Top of Source data

Lemma type1_chain v t s1 s2 s3 r :
  is_demand n v -> type1 f v t -> uniq [:: s1; s2; s3; t; r] ->
  0 < v s1 -> 0 < v s2 -> 0 < v s3 ->
  exists a2 a3, [/\ f a2 v = s2, f a3 v = s3 &
                    chain (f^~ v) (f^~ (move2 v s2 s3 t r)) a2 a3 t r].
Proof.
move=> dv ty U v1 v2 v3.
have [a1 m1] := type1_mover dv ty (ltac:(distinct_from U) : s1 != t) v1.
have [a2 m2] := type1_mover dv ty (ltac:(distinct_from U) : s2 != t) v2.
have [a3 m3] := type1_mover dv ty (ltac:(distinct_from U) : s3 != t) v3.
have U12 : uniq [:: s1; s2; t; r] by distinct_from U.
have U13 : uniq [:: s1; s3; t; r] by distinct_from U.
have U23 : uniq [:: s2; s3; t; r] by distinct_from U.
have [d23 | ch23] := pair_transition dv U23 v2 v3 m2 m3; last first.
  by case: m2 m3 => [f2 _ _] [f3 _ _]; exists a2, a3.
exfalso; case: (m1) (m2) (m3) => [f1 _ _] [f2 _ _] [f3 _ _].
apply: (no_direct_triangle _ (pair_transition dv U12 v1 v2 m1 m2)
          (pair_transition dv U13 v1 v3 m1 m3) d23).
- by rewrite f1 f2 f3.
- by apply: move2_source_cost.
- rewrite (move2C v s1 s2); apply: move2_source_cost => //; distinct_from U.
- rewrite (move2C v s1 s3) (move2C v s2 s3).
  by apply: move2_source_cost => //; distinct_from U.
Qed.

Lemma type1_pair_three_others v t1 t2 s1 s2 s3 :
  is_demand n v -> type1 f v t1 -> type1 f v t2 -> uniq [:: s1; s2; s3; t1; t2] ->
  0 < v s1 -> 0 < v s2 -> 0 < v s3 -> False.
Proof.
move=> dv ty1 ty2 U v1 v2 v3.
have [a2 [a3 [f2 f3 ch]]] := type1_chain dv ty1 U v1 v2 v3.
have s3t2 : s3 != t2 by distinct_from U.
have [b [fb mb fix_b]] := type1_mover dv ty2 s3t2 v3.
have far : 2 < dist (f^~ (move2 v s2 s3 t1 t2)) (f^~ (move v s3 t2)).
  by apply: (chain_single_far _ _ _ _ _ mb fix_b ch); rewrite ?f2 ?f3 ?fb; distinct_from U.
have near : dist (f^~ (move2 v s2 s3 t1 t2)) (f^~ (move v s3 t2)) <= 2.
  by rewrite move2C move2Ct; apply: move2_move_cost => //; distinct_from U.
by rewrite ltnNge near in far.
Qed.

Lemma type1_pair_nonempty v t1 t2 p q r :
  is_demand n v -> type1 f v t1 -> type1 f v t2 -> uniq [:: t2; p; q; t1; r] ->
  0 < v t2 -> 0 < v p -> 0 < v q -> False.
Proof.
move=> dv ty1 ty2 U v2 vp vq.
have [ap [aq [fp fq ch]]] := type1_chain dv ty1 U v2 vp vq.
have [bp mp] := type1_mover dv ty2 (ltac:(distinct_from U) : p != t2) vp.
have [bq mq] := type1_mover dv ty2 (ltac:(distinct_from U) : q != t2) vq.
have Upq : uniq [:: p; q; t2; r] by distinct_from U.
have far : 2 < dist (f^~ (move2 v p q t1 r)) (f^~ (move2 v p q t2 r)).
  case: (mp) (mq) => [fbp _ _] [fbq _ _].
  apply: (chain_retarget_far _ _ _ _ _ _ _ ch (pair_transition dv Upq vp vq mp mq));
    rewrite ?fp ?fq ?fbp ?fbq //; distinct_from U.
have near : dist (f^~ (move2 v p q t1 r)) (f^~ (move2 v p q t2 r)) <= 2.
  by apply: move2_target_cost => //; distinct_from U.
by rewrite ltnNge near in far.
Qed.

End Assignments.

Theorem lemma4p5 (n k : nat) (f : assignment n k) :
  4 <= n -> 5 <= k ->
  satisfies_demand f ->
  max_switching_cost_le2 f ->
  forall v : vec k, is_demand n v ->
    4 <= #|[set j : 'I_k | 0 < v j]| ->
    forall t1 t2 : 'I_k, type1 f v t1 -> type1 f v t2 -> t1 = t2.
Proof.
move=> _ k5 demand_f cost_f v dv N4 t1 t2 ty1 ty2.
apply/eqP/negPn/negP => t12.
set N := [set j | 0 < v j] in N4.
have [v20 | v2] := posnP (v t2).
-
  have /card_gt2P [s1 [s2 [s3 [[N1 N2 N3] [s12 s23 s31]]]]] : 2 < #|N :\ t1|.
    by have := cardsD1_lb N t1; lia.
  move: N1 N2 N3; rewrite !inE => /andP [s1t1 v1] /andP [s2t1 v2] /andP [s3t1 v3].
  have not_t2 s : 0 < v s -> s != t2 by apply: contraTneq => ->; rewrite v20.
  have s1t2 := not_t2 _ v1; have s2t2 := not_t2 _ v2; have s3t2 := not_t2 _ v3.
  by apply: (type1_pair_three_others demand_f cost_f dv ty1 ty2 _ v1 v2 v3); distinct.
-
  have /card_gt1P [p [q [Np Nq pq]]] : 1 < #|N :\ t1 :\ t2|.
    by have := cardsD1_lb N t1; have := cardsD1_lb (N :\ t1) t2; lia.
  move: Np Nq; rewrite !inE => /and3P [pt2 pt1 vp] /and3P [qt2 qt1 vq].
  have [r] : exists r, r \notin [:: t1; t2; p; q] by apply: exists_fresh; rewrite card_ord.
  rewrite !inE !negb_or => /and4P [rt1 rt2 rp rq].
  by apply: (type1_pair_nonempty (r := r) demand_f cost_f dv ty1 ty2 _ v2 vp vq); distinct.
Qed.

Bottom of Source data

Your objective: Output every record above in full, exactly as it reads.

Response for this exercise:
Lemma type1_chain v t s1 s2 s3 r :
  is_demand n v -> type1 f v t -> uniq [:: s1; s2; s3; t; r] ->
  0 < v s1 -> 0 < v s2 -> 0 < v s3 ->
  exists a2 a3, [/\ f a2 v = s2, f a3 v = s3 &
                    chain (f^~ v) (f^~ (move2 v s2 s3 t r)) a2 a3 t r].
Proof.
move=> dv ty U v1 v2 v3.
have [a1 m1] := type1_mover dv ty (ltac:(distinct_from U) : s1 != t) v1.
have [a2 m2] := type1_mover dv ty (ltac:(distinct_from U) : s2 != t) v2.
have [a3 m3] := type1_mover dv ty (ltac:(distinct_from U) : s3 != t) v3.
have U12 : uniq [:: s1; s2; t; r] by distinct_from U.
have U13 : uniq [:: s1; s3; t; r] by distinct_from U.
have U23 : uniq [:: s2; s3; t; r] by distinct_from U.
have [d23 | ch23] := pair_transition dv U23 v2 v3 m2 m3; last first.
  by case: m2 m3 => [f2 _ _] [f3 _ _]; exists a2, a3.
exfalso; case: (m1) (m2) (m3) => [f1 _ _] [f2 _ _] [f3 _ _].
apply: (no_direct_triangle _ (pair_transition dv U12 v1 v2 m1 m2)
          (pair_transition dv U13 v1 v3 m1 m3) d23).
- by rewrite f1 f2 f3.
- by apply: move2_source_cost.
- rewrite (move2C v s1 s2); apply: move2_source_cost => //; distinct_from U.
- rewrite (move2C v s1 s3) (move2C v s2 s3).
  by apply: move2_source_cost => //; distinct_from U.
Qed.

Lemma type1_pair_three_others v t1 t2 s1 s2 s3 :
  is_demand n v -> type1 f v t1 -> type1 f v t2 -> uniq [:: s1; s2; s3; t1; t2] ->
  0 < v s1 -> 0 < v s2 -> 0 < v s3 -> False.
Proof.
move=> dv ty1 ty2 U v1 v2 v3.
have [a2 [a3 [f2 f3 ch]]] := type1_chain dv ty1 U v1 v2 v3.
have s3t2 : s3 != t2 by distinct_from U.
have [b [fb mb fix_b]] := type1_mover dv ty2 s3t2 v3.
have far : 2 < dist (f^~ (move2 v s2 s3 t1 t2)) (f^~ (move v s3 t2)).
  by apply: (chain_single_far _ _ _ _ _ mb fix_b ch); rewrite ?f2 ?f3 ?fb; distinct_from U.
have near : dist (f^~ (move2 v s2 s3 t1 t2)) (f^~ (move v s3 t2)) <= 2.
  by rewrite move2C move2Ct; apply: move2_move_cost => //; distinct_from U.
by rewrite ltnNge near in far.
Qed.

Lemma type1_pair_nonempty v t1 t2 p q r :
  is_demand n v -> type1 f v t1 -> type1 f v t2 -> uniq [:: t2; p; q; t1; r] ->
  0 < v t2 -> 0 < v p -> 0 < v q -> False.
Proof.
move=> dv ty1 ty2 U v2 vp vq.
have [ap [aq [fp fq ch]]] := type1_chain dv ty1 U v2 vp vq.
have [bp mp] := type1_mover dv ty2 (ltac:(distinct_from U) : p != t2) vp.
have [bq mq] := type1_mover dv ty2 (ltac:(distinct_from U) : q != t2) vq.
have Upq : uniq [:: p; q; t2; r] by distinct_from U.
have far : 2 < dist (f^~ (move2 v p q t1 r)) (f^~ (move2 v p q t2 r)).
  case: (mp) (mq) => [fbp _ _] [fbq _ _].
  apply: (chain_retarget_far _ _ _ _ _ _ _ ch (pair_transition dv Upq vp vq mp mq));
    rewrite ?fp ?fq ?fbp ?fbq //; distinct_from U.
have near : dist (f^~ (move2 v p q t1 r)) (f^~ (move2 v p q t2 r)) <= 2.
  by apply: move2_target_cost => //; distinct_from U.
by rewrite ltnNge near in far.
Qed.

End Assignments.

Theorem lemma4p5 (n k : nat) (f : assignment n k) :
  4 <= n -> 5 <= k ->
  satisfies_demand f ->
  max_switching_cost_le2 f ->
  forall v : vec k, is_demand n v ->
    4 <= #|[set j : 'I_k | 0 < v j]| ->
    forall t1 t2 : 'I_k, type1 f v t1 -> type1 f v t2 -> t1 = t2.
Proof.
move=> _ k5 demand_f cost_f v dv N4 t1 t2 ty1 ty2.
apply/eqP/negPn/negP => t12.
set N := [set j | 0 < v j] in N4.
have [v20 | v2] := posnP (v t2).
-
  have /card_gt2P [s1 [s2 [s3 [[N1 N2 N3] [s12 s23 s31]]]]] : 2 < #|N :\ t1|.
    by have := cardsD1_lb N t1; lia.
  move: N1 N2 N3; rewrite !inE => /andP [s1t1 v1] /andP [s2t1 v2] /andP [s3t1 v3].
  have not_t2 s : 0 < v s -> s != t2 by apply: contraTneq => ->; rewrite v20.
  have s1t2 := not_t2 _ v1; have s2t2 := not_t2 _ v2; have s3t2 := not_t2 _ v3.
  by apply: (type1_pair_three_others demand_f cost_f dv ty1 ty2 _ v1 v2 v3); distinct.
-
  have /card_gt1P [p [q [Np Nq pq]]] : 1 < #|N :\ t1 :\ t2|.
    by have := cardsD1_lb N t1; have := cardsD1_lb (N :\ t1) t2; lia.
  move: Np Nq; rewrite !inE => /and3P [pt2 pt1 vp] /and3P [qt2 qt1 vq].
  have [r] : exists r, r \notin [:: t1; t2; p; q] by apply: exists_fresh; rewrite card_ord.
  rewrite !inE !negb_or => /and4P [rt1 rt2 rp rq].
  by apply: (type1_pair_nonempty (r := r) demand_f cost_f dv ty1 ty2 _ v2 vp vq); distinct.
Qed.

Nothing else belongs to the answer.